Zachary Klaassen: And I think, too. We have two surgeons discussing, I think from what their initial experience was, wasn't any more of a difficult surgery. So I think that's important too so.
Robert Reiter: Absolutely.
Zachary Klaassen: My last question, Rob, it's the reason we have these discussions just to think about where the landscape is going. The Rad Oncs have done a great job of clinical trials. And they've got a good footprint with good data for high risk patients, radiotherapy plus let's say two years ADT plus or minus Abi.
Let's say PROTEUS and/or GUNS plays out to be practice changing phase III data. How are we going to discuss high risk localized prostate cancer management with our patients?

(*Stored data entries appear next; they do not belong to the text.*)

(* Let $\mathbf R=\{R_i,t_i\}_{i\ge0}$ be a purely inseparable tower arising from a pair $(R,I_0)$ such that every $i$-th Frobenius projection $F_i\colon R_{i+1}/I_0R_{i+1}\to R_i/I_0R_i$ is surjective. Then the induced tower of $\mathbb F_p$-algebras $(R_0/I_0)_{\mathrm{red}}\to(R_1/I_0R_1)_{\mathrm{red}}\to\cdots\to(R_i/I_0R_i)_{\mathrm{red}}\to\cdots$ (transition maps induced by the $t_i$) is a perfect tower.
   Context: Fix a prime $p$; rings are commutative with $1$; $\varphi$ is absolute Frobenius. A tower of rings $\{R_i,t_i\}_{i\ge0}$ is a sequence of ring maps $R_0\xrightarrow{t_0}R_1\to\cdots$. For a ring $R$ and ideal $I_0$, write $\overline{R_i}=R_i/I_0R_i$ and $\overline{t_i}$ for induced maps. A purely inseparable tower arising from $(R,I_0)$ is a tower with (a) $R_0=R$, $p\in I_0$; (b) each $\overline{t_i}$ injective; (c) $\varphi(\overline{R_{i+1}})\subset\overline{t_i}(\overline{R_i})$; the $i$-th Frobenius projection $F_i\colon\overline{R_{i+1}}\to\overline{R_i}$ is the unique ring map with $\overline{t_i}\circ F_i=\varphi$. A perfect tower is a tower isomorphic (as an inductive system of rings) to $A\xrightarrow{\varphi}A\xrightarrow{\varphi}\cdots$ for a reduced $\mathbb F_p$-algebra $A$. *)

From HB Require Import structures.
From mathcomp Require Import all_boot all_order all_algebra.
Set Implicit Arguments. Unset Strict Implicit. Unset Printing Implicit Defensive.
Import GRing.Theory.
Local Open Scope ring_scope.

Record tower := Tower {
  tw_ring : nat -> comPzRingType;
  tw_map : forall i, {rmorphism tw_ring i -> tw_ring i.+1} }.

Fixpoint tw_comp (T : tower) (i : nat) : tw_ring T 0 -> tw_ring T i :=
  match i with
  | 0 => fun x => x
  | i'.+1 => fun x => @tw_map T i' (@tw_comp T i' x)
  end.

Definition is_ideal (R : comPzRingType) (I : R -> Prop) : Prop :=
  [/\ I 0, (forall x y, I x -> I y -> I (x + y)) & (forall a x, I x -> I (a * x))].

Definition ext_ideal (T : tower) (I0 : tw_ring T 0 -> Prop) (i : nat)
  (y : tw_ring T i) : Prop :=
  exists s : seq (tw_ring T i * tw_ring T 0),
    (forall u, u \in s -> I0 u.2) /\ y = \sum_(u <- s) u.1 * @tw_comp T i u.2.

(* the radical of I_0 R_i, i.e. the kernel of R_i -> (R_i / I_0 R_i)_red *)
Definition rad_ext_ideal (T : tower) (I0 : tw_ring T 0 -> Prop) (i : nat)
  (y : tw_ring T i) : Prop :=
  exists n : nat, @ext_ideal T I0 i (y ^+ n).

Definition purely_inseparable_tower (p : nat) (T : tower)
  (I0 : tw_ring T 0 -> Prop) : Prop :=
  [/\ @is_ideal (tw_ring T 0) I0, I0 (p%:R),
      (* (b): t_i-bar injective *)
      (forall i (x : tw_ring T i), @ext_ideal T I0 i.+1 (@tw_map T i x) ->
          @ext_ideal T I0 i x) &
      (* (c): Frobenius of R_{i+1}-bar lands in the image of t_i-bar *)
      (forall i (y : tw_ring T i.+1), exists x : tw_ring T i,
          @ext_ideal T I0 i.+1 (y ^+ p - @tw_map T i x))].

(* The i-th Frobenius projection F_i is surjective: every class x-bar in
   R_i-bar is F_i(y-bar) for some y, i.e. t_i-bar(x-bar) = y-bar^p. *)
Definition frobenius_projections_surjective (p : nat) (T : tower)
  (I0 : tw_ring T 0 -> Prop) : Prop :=
  forall i (x : tw_ring T i), exists y : tw_ring T i.+1,
    @ext_ideal T I0 i.+1 (y ^+ p - @tw_map T i x).

Definition reduced_ring (A : comPzRingType) : Prop :=
  forall (a : A) (n : nat), a ^+ n = 0 -> a = 0.

(* The tower B_i := (R_i / I_0 R_i)_red, with maps induced by t_i, is a perfect
   tower: there is a reduced F_p-algebra A and ring isomorphisms
   psi_i : B_i ~= A with psi_{i+1} o tbar_i = Frob o psi_i.  A ring isomorphism
   psi_i : R_i / rad(I_0 R_i) ~= A is encoded by the composite
   theta_i : R_i -> A, a surjective ring map whose kernel is exactly
   rad(I_0 R_i). *)
Definition reduced_quotient_tower_is_perfect (p : nat) (T : tower)
  (I0 : tw_ring T 0 -> Prop) : Prop :=
  exists (A : comPzRingType) (theta : forall i, {rmorphism tw_ring T i -> A}),
    [/\ (p%:R : A) = 0, reduced_ring A,
        (forall i, forall a : A, exists x : tw_ring T i, theta i x = a),
        (forall i (x : tw_ring T i), theta i x = 0 <-> @rad_ext_ideal T I0 i x) &
        (forall i (x : tw_ring T i), theta i.+1 (@tw_map T i x) = theta i x ^+ p)].

From HB Require Import structures.
From mathcomp Require Import all_boot all_order all_algebra ring.
From mathcomp Require Import boolp.
Set Implicit Arguments. Unset Strict Implicit. Unset Printing Implicit Defensive.
Import GRing.Theory.
Local Open Scope quotient_scope.
Local Open Scope ring_scope.

(* Write B_i for R_i / I_0 R_i and pick lifts g_i : R_{i+1} -> R_i of the
   Frobenius projections, so that t_i (g_i y) = y^p in B_{i+1}.  Since p = 0 in
   B_{i+1}, raising to the p-th power is a ring map there; as t_i-bar is
   injective, g_i is therefore a ring map modulo I_0 R_i, and y is nilpotent in
   B_{i+1} iff g_i y is nilpotent in B_i.  Hence
   theta_i := (R_0 ->> R_0 / rad(I_0)) o g_0 o ... o g_{i-1}
   is a ring map with kernel rad(I_0 R_i), onto because the F_i are, and
   theta_{i+1} o t_i = Frob o theta_i since g_i (t_i x) = x^p modulo I_0 R_i. *)

(* The library quotient [{ideal_quot _}] requires a proper ideal, whereas here
   the ideal may be the whole ring: only its additive part is reused. *)
Section QuotientRing.
Variables (R : comPzRingType) (K : R -> Prop).
Hypothesis K_ideal : is_ideal K.

Definition ideal_mem : pred R := fun x => `[< K x >].

Fact ideal_mem_zmod_closed : zmod_closed ideal_mem.
Proof.
have [K0 KD KM] := K_ideal.
split=> [|x y /asboolP Kx /asboolP Ky]; apply/asboolP => //.
by apply: KD => //; rewrite -mulN1r; apply: KM.
Qed.

HB.instance Definition _ := GRing.isZmodClosed.Build R ideal_mem ideal_mem_zmod_closed.

Definition quot_ring := {ideal_quot (GRing.ZmodClosed.clone R ideal_mem _)}.
HB.instance Definition _ := ZmodQuotient.on quot_ring.

Definition quot_pi : R -> quot_ring := \pi.

Lemma quot_pi_eq x y : quot_pi x = quot_pi y <-> K (x - y).
Proof.
split=> [/eqP|/asboolP Kxy]; last by apply/eqP; rewrite -Quotient.idealrBE.
by rewrite -Quotient.idealrBE => /asboolP.
Qed.

Definition quot_mul := lift_op2 quot_ring *%R.

Lemma pi_quot_mul : {morph \pi_quot_ring : x y / x * y >-> quot_mul x y}.
Proof.
have [_ KD KM] := K_ideal.
move=> x y; unlock quot_mul; apply/esym/quot_pi_eq.
set x' := repr _; set y' := repr _.
have -> : x' * y' - x * y = y' * (x' - x) + x * (y' - y) by ring.
by apply: KD; apply: KM; apply/quot_pi_eq; rewrite /quot_pi reprK.
Qed.
Canonical pi_quot_mul_morph := PiMorph2 pi_quot_mul.

Lemma quot_mulA : associative quot_mul.
Proof. by move=> x y z; rewrite -[x]reprK -[y]reprK -[z]reprK !piE mulrA. Qed.

Lemma quot_mulC : commutative quot_mul.
Proof. by move=> x y; rewrite -[x]reprK -[y]reprK !piE mulrC. Qed.

Lemma quot_mul1 : left_id (quot_pi 1) quot_mul.
Proof. by move=> x; rewrite -[x]reprK !piE mul1r. Qed.

Lemma quot_mulDl : left_distributive quot_mul +%R.
Proof. by move=> x y z; rewrite -[x]reprK -[y]reprK -[z]reprK !piE mulrDl. Qed.

HB.instance Definition _ :=
  GRing.Zmodule_isComPzRing.Build quot_ring quot_mulA quot_mulC quot_mul1 quot_mulDl.

Lemma quot_pi_is_zmod_morphism : zmod_morphism quot_pi.
Proof. by move=> x y; rewrite /quot_pi !piE. Qed.

Lemma quot_pi_is_monoid_morphism : monoid_morphism quot_pi.
Proof. by split=> // x y; rewrite /quot_pi piE. Qed.

HB.instance Definition _ := GRing.isZmodMorphism.Build R quot_ring quot_pi
  quot_pi_is_zmod_morphism.
HB.instance Definition _ := GRing.isMonoidMorphism.Build R quot_ring quot_pi
  quot_pi_is_monoid_morphism.

Lemma quot_pi_eq0 x : quot_pi x = 0 <-> K x.
Proof. by rewrite -(rmorph0 quot_pi) quot_pi_eq subr0. Qed.

Lemma quot_pi_surj a : exists x, quot_pi x = a.
Proof. by exists (repr a); rewrite /quot_pi reprK. Qed.

End QuotientRing.

Section CommutativeRingFacts.
Variable R : comPzRingType.

Lemma exprD_nilpotent (x y : R) n m :
  x ^+ n = 0 -> y ^+ m = 0 -> (x + y) ^+ (n + m) = 0.
Proof.
move=> xn0 ym0; rewrite exprDn big1 // => -[j /= _] _.
case: (leqP m j) => [le_mj | lt_jm].
  by rewrite -(subnKC le_mj) exprD ym0 mul0r mulr0 mul0rn.
by rewrite -addnBA 1?ltnW // exprD xn0 !mul0r mul0rn.
Qed.

Lemma exprD_charp p (x y : R) :
  prime p -> p%:R = 0 :> R -> (x + y) ^+ p = x ^+ p + y ^+ p.
Proof.
case: p => [//|p] p_prime p0; rewrite exprDn big_ord_recr big_ord_recl /=.
rewrite subn0 subnn bin0 binn !expr0 mulr1 mul1r !mulr1n big1 ?addr0 // => j _.
have /dvdnP[k ->] : (p.+1 %| 'C(p.+1, bump 0 j))%N.
  by rewrite prime_dvd_bin //= ltnS ltn_ord.
by rewrite mulrnA -mulr_natr p0 mulr0.
Qed.

End CommutativeRingFacts.

Definition radical (R : comPzRingType) (K : R -> Prop) (x : R) : Prop :=
  exists n, K (x ^+ n).

Section Radical.
Variables (R : comPzRingType) (K : R -> Prop).
Hypothesis K_ideal : is_ideal K.

Lemma radicalE x : radical K x <-> exists n, quot_pi K_ideal x ^+ n = 0.
Proof.
by split=> -[n Kxn]; exists n; move: Kxn; rewrite -rmorphXn quot_pi_eq0.
Qed.

Lemma radical_is_ideal : is_ideal (radical K).
Proof.
split.
- by exists 1%N; rewrite expr1; case: K_ideal.
- move=> x y /radicalE[n xn0] /radicalE[m ym0]; apply/radicalE.
  by exists (n + m)%N; rewrite rmorphD exprD_nilpotent.
- move=> a x /radicalE[n xn0]; apply/radicalE.
  by exists n; rewrite rmorphM exprMn xn0 mulr0.
Qed.

Lemma quot_radical_reduced : reduced_ring (quot_ring radical_is_ideal).
Proof.
move=> a n; have [x <-] := quot_pi_surj a.
rewrite -rmorphXn => /quot_pi_eq0[m Kxnm]; apply/quot_pi_eq0.
by exists (n * m)%N; rewrite exprM.
Qed.

End Radical.

(* For the step i of the tower: [t] is t_i, [tau] the projection
   R_{i+1} -> B_{i+1}, [g] the lift g_i and [f] is theta_i. *)
Section FrobeniusLift.
Variables (p : nat) (R S A B : comPzRingType).
Variables (t : {rmorphism R -> S}) (tau : {rmorphism S -> B}).
Variables (f : {rmorphism R -> A}) (g : S -> R).
Hypotheses (p_prime : prime p) (B_charp : p%:R = 0 :> B).
Hypothesis f_ker : forall x, f x = 0 <-> exists n, tau (t x) ^+ n = 0.
Hypothesis g_frobenius : forall y, tau (t (g y)) = tau y ^+ p.

Lemma frobenius_lift_congr x y : tau (t x) = tau (t y) -> f x = f y.
Proof.
move=> eq_xy; apply/eqP; rewrite -subr_eq0 -rmorphB; apply/eqP/f_ker.
by exists 1%N; rewrite expr1 !rmorphB eq_xy subrr.
Qed.

Lemma frobenius_lift_is_nmod_morphism : nmod_morphism (f \o g).
Proof.
split=> [|x y] /=.
  rewrite -(rmorph0 f); apply: frobenius_lift_congr.
  by rewrite g_frobenius !rmorph0 expr0n /= gtn_eqF ?prime_gt0.
rewrite -rmorphD; apply: frobenius_lift_congr.
by rewrite g_frobenius !rmorphD !g_frobenius exprD_charp.
Qed.

Lemma frobenius_lift_is_monoid_morphism : monoid_morphism (f \o g).
Proof.
split=> [|x y] /=.
  rewrite -(rmorph1 f); apply: frobenius_lift_congr.
  by rewrite g_frobenius !rmorph1 expr1n.
rewrite -rmorphM; apply: frobenius_lift_congr.
by rewrite g_frobenius !rmorphM !g_frobenius exprMn.
Qed.

Definition frobenius_lift : {rmorphism S -> A} :=
  HB.pack (f \o g)
    (GRing.isNmodMorphism.Build _ _ _ frobenius_lift_is_nmod_morphism)
    (GRing.isMonoidMorphism.Build _ _ _ frobenius_lift_is_monoid_morphism).

Lemma frobenius_liftE y : frobenius_lift y = f (g y).
Proof. by []. Qed.

Lemma frobenius_lift_eq0 y : frobenius_lift y = 0 <-> exists n, tau y ^+ n = 0.
Proof.
rewrite frobenius_liftE f_ker; split=> -[n].
  by rewrite g_frobenius -exprM; exists (p * n)%N.
move=> yn0; exists n; rewrite g_frobenius -exprM mulnC exprM yn0.
by rewrite expr0n gtn_eqF ?prime_gt0.
Qed.

Lemma frobenius_lift_surj :
    (forall a, exists x, f x = a) ->
    (forall x, exists y, tau y ^+ p = tau (t x)) ->
  forall a, exists y, frobenius_lift y = a.
Proof.
move=> f_surj tau_frobenius_surj a; have [x <-] := f_surj a.
have [y eq_yx] := tau_frobenius_surj x; exists y.
by apply: frobenius_lift_congr; rewrite g_frobenius.
Qed.

Lemma frobenius_lift_t x : frobenius_lift (t x) = f x ^+ p.
Proof.
rewrite -rmorphXn frobenius_liftE; apply: frobenius_lift_congr.
by rewrite g_frobenius !rmorphXn.
Qed.

End FrobeniusLift.

Section ExtendedIdeal.
Variables (T : tower) (I0 : tw_ring T 0 -> Prop).
Local Notation E i := (@ext_ideal T I0 i).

Robert Reiter: One of the reasons that patients oftentimes elect surgery with high-- when they have high risk disease is they may not need ADT. Even though we as surgeons that their recurrence rate is very high and that ultimately many of them will need ADT. So I think this will change the paradigm of how we use surgery.
I think again, until we someday have a randomized trial of radiation plus two years of ADT versus surgery plus ADT, we're never going to the answer. But we will be able to look at, I think, probably better endpoints, such as metastasis free survival in comparisons. Rather than looking at PSA recurrences, which as we know a the definition is different for radiation and surgery, they're almost meaningless.
So I think if these trials pan out where we actually have clinically validated endpoints that are meaningful, then maybe we'll have-- will be able to have better discussions with patients about the optimal way to manage their cancer.
As far as GUNS is concerned, I think that's going to lead to registration type trials for genomically selected patients. And I think clearly ultimately that's where we're going to be going.
Zachary Klaassen: Yeah great answer. Rob, it's always good chatting with you. This is a great summary of your interdisciplinary GU cancer forum 2025 talk you gave about a month ago. Any final thoughts, any take home messages for our listeners.
Robert Reiter: You know I think as urologists-- I mean I think the key thing is for us to be engaged in these kinds of trials to really be open minded about the role of surgery versus radiation and to keep pushing the field forward. That's where we need to go.
Zachary Klaassen: Yeah, absolutely. Well said. Rob, thanks so much for taking time out of your busy day to join us in the--
Robert Reiter: Thank you Zach. Enjoyed it. Take care.